On Friday, April 17, Iran’s foreign minister declared the Strait of Hormuz open to commercial traffic. Markets surged. Oil dropped eleven percent. Trump thanked Tehran on Truth Social and said the U.S. naval blockade of Iranian ports would remain in force. On Saturday, Iran reversed course. The strait was again under strict Iranian control. IRGC gunboats fired on at least one tanker. Trump, speaking from the Oval Office, said Iran had tried to get “cute.” That forty-eight-hour whiplash is the best single snapshot of what the Iran war has actually produced.
None of the stated objectives of the U.S.-Israeli campaign have been achieved. Iran’s government did not fall. Its nuclear program was damaged but not eliminated. Its missile capacity was degraded but remains operational. The Strait of Hormuz is neither closed nor fully open — it is, in practice, under Iranian pricing authority. Hezbollah has retained the ability to fire missiles and drones, though under Israeli pressure it conceded politically what it did not concede militarily. And the American public, which had absorbed forty years of interventionist consensus without serious domestic fracture, is now watching the MAGA coalition openly split on the war.
01 /A Timeline of Failing Objectives
The pattern is the opposite of what U.S. and Israeli war planners projected. Each escalation has produced less leverage, not more. Each ceasefire has collapsed. Each military action has demonstrated the limits of the force being applied rather than the reach of it. Iran has absorbed significant damage — assassinations of first and second-tier leadership, civilian casualties, an internet blackout now entering its fiftieth day — and retained both governing authority and operational capacity in the strait. That is, by any reasonable definition of the war’s stated aims, a failure.

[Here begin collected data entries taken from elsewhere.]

Lemma residual_null U : residual U -> null_graph (induced B U) -> U = set0.
Proof.
move=> [UU0 _ _] [/= V0 F0]; apply/setP => x; rewrite inE; apply/negP => xU.
have := subsetP U0_VF x (subsetP UU0 x xU); rewrite inE => /orP [xV|xF].
  by move/setP: V0 => /(_ x); rewrite !inE xV xU.
by move/setP: F0 => /(_ x); rewrite !inE xF xU.
Qed.

Lemma residual_init : residual U0.
Proof. by split=> // [x y _ /dedge_U0 //|x xU0]; rewrite partner_U0 ?xU0. Qed.

Lemma cluster_W w : w \in W -> cluster w = [set w].
Proof.
move=> wW; have no_in z : ~~ dE z w by apply/negP => /dedge_U0; apply/negP/W_notin_U0.
have sccw : scc B M w = [set w].
  apply/setP => y; rewrite !inE; apply/idP/eqP => [/and3P [_ _ /(connect_to_source no_in)] //|->].
  by rewrite (subsetP WV) ?connect0.
rewrite /cluster sccw (matchedE wfB U0_VF pmM).
suff -> : [set w] :&: U0 = set0 by rewrite imset0 setU0.
by apply/eqP; rewrite setI_eq0 disjoints1 W_notin_U0.
Qed.

Lemma cluster_U0 x : x \in U0 -> cluster x \subset U0.
Proof.
move=> xU0; rewrite /cluster (matchedE wfB U0_VF pmM) subUset.
have sccU0 : scc B M x \subset U0.
  apply/subsetP => y; rewrite inE => /and3P [_ xy _].
  by apply: connect_closed xU0 xy => a b _ /dedge_U0.
by rewrite sccU0; apply/subsetP => _ /imsetP [y /setIP [_ yU0] ->]; apply: partner_U0.
Qed.

Lemma alg2_outside_init : alg2_outside U0 = ([set [set w] | w in W], set0).
Proof.
congr (_, _); apply/setP.
  move=> K; rewrite inE; apply/andP/imsetP => [[/alg2_clustersP [x xVF ->] xU0]|[w wW ->]].
    have xW : x \in W by apply: VF_notin_U0 xVF _; apply: contra xU0; apply: cluster_U0.
    by exists x; rewrite ?cluster_W.
  have wVF : w \in VF by rewrite inE (subsetP WV).
  rewrite -(cluster_W wW); split; first by apply/alg2_clustersP; exists w.
  by rewrite cluster_W // sub1set W_notin_U0.
move=> [x K]; rewrite !inE; case: (boolP (_ \in _)) => //= /alg2_edgesP [w [_ _ xw _ ->]].
by rewrite cluster_U0 // (dedge_U0 xw).
Qed.

Lemma alg2_outside_set0 : alg2_outside set0 = alg2_output B M.
Proof.
rewrite [RHS]surjective_pairing; congr (_, _); apply/setP.
  move=> K; rewrite inE subset0 andb_idr // => /alg2_clustersP [x xVF ->].
  by apply/set0Pn; exists x; apply: cluster_self.
move=> [x K]; rewrite inE subset0 andb_idr // => /alg2_edgesP [w [wVF _ _ _ ->]].
by apply/set0Pn; exists w; apply: cluster_self.
Qed.

Lemma alg1_from_outside U G G' : alg1_from B U G G' ->
  residual U -> G = alg2_outside U -> G' = alg2_output B M.
Proof.
elim=> {U G G'} [U G nullU resU ->|U G S G' Smin _ IH resU EG].
  by rewrite (residual_null resU nullU) alg2_outside_set0.
by apply: IH; [apply: residual_next | rewrite EG alg2_outside_next].
Qed.

Lemma alg1_from_exists U G : residual U -> exists G', alg1_from B U G G'.
Proof.
have [n] := ubnP #|U|; elim: n U G => // n IH U G /ltnSE leUn resU.
have [->|U_ne0] := eqVneq U set0.
  by exists G; apply: alg1_stop; split; rewrite /= setI0.
have [S Smin] := residual_minimal_sc resU U_ne0.
set C := S :|: adj (induced B U) S.
have ltCU : #|U :\: C| < n.
  apply: leq_trans leUn; apply: proper_card; rewrite properE subsetDl /=.
  have /set0Pn [f fS] := minimal_neq0 Smin.
  by apply/subsetPn; exists f; rewrite ?(subsetP (S_sub_U Smin)) // !inE fS.
have [G' runG'] := IH _ (C |: G.1, G.2 :|: [set (v, C) | v in adj B S :\: adj (induced B U) S])
  ltCU (residual_next resU Smin).
by exists G'; apply: alg1_step Smin runG'.
Qed.

End CausalOrdering.

Theorem theorem6 (T : finType) (B : bigraph T) (W : {set T}) :
  wf_bigraph B ->
  W \subset bV B ->
  self_contained (induced B ((bV B :\: W) :|: bF B)) ->
  forall M : {set T * T},
    perfect_matching (induced B ((bV B :\: W) :|: bF B)) M ->
    (exists G, alg1_output B W G) /\
    (forall G, alg1_output B W G -> G = alg2_output B M).
Proof.
(* Self-containedness of B' follows from the perfect matching M. *)
move=> wfB WV _ M pmM; have res0 := residual_init wfB pmM.
split; first exact (alg1_from_exists wfB pmM _ res0).
move=> G runG; apply: (alg1_from_outside wfB pmM runG res0).
by rewrite (alg2_outside_init wfB WV pmM).
Qed.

02 /The End of the Carter Doctrine Era
To understand why this matters beyond the immediate casualty count, you have to understand what the Strait of Hormuz was in the American imperial architecture, and what it no longer is.
In January 1980, in the aftermath of the Soviet invasion of Afghanistan and the Iranian revolution, Jimmy Carter declared in his State of the Union that any attempt by an outside force to gain control of the Persian Gulf region would be regarded as an assault on the vital interests of the United States, and would be repelled by any means necessary, including military force. That sentence was the Carter Doctrine. It committed the U.S. Navy to permanent forward deployment in the Gulf, underwrote the Saudi-led petrodollar recycling system, and established the exchange that has governed the region for forty-six years: Gulf monarchies accept U.S. military primacy in exchange for U.S. security guarantees and market access for their oil.
The economic architecture that flowed from that doctrine is load-bearing for the entire U.S. imperial system. Oil priced in dollars generates structural global demand for dollars. That demand makes U.S. Treasury issuance cheap to service. Cheap Treasury issuance underwrites the federal debt that underwrites domestic consumption, foreign aid, and military expansion. Every link in that chain runs through the Strait of Hormuz.
What the Trump administration has done — by pursuing a war whose conduct has pushed Iran to contest the strait, then failing to dislodge that control through military pressure, then declaring ceasefires that collapsed within days — is demonstrate that U.S. primacy in the Gulf is no longer guaranteed by the Navy. The demonstration effect is the most consequential element of this war, and it is irreversible. Future analysts and hostile powers will note what Gulf oil importers and investors have now observed directly: the U.S. can deploy two carrier strike groups, sanction an entire economy, threaten to destroy civilization, and still fail to force a regional power to reopen a waterway it has decided to close.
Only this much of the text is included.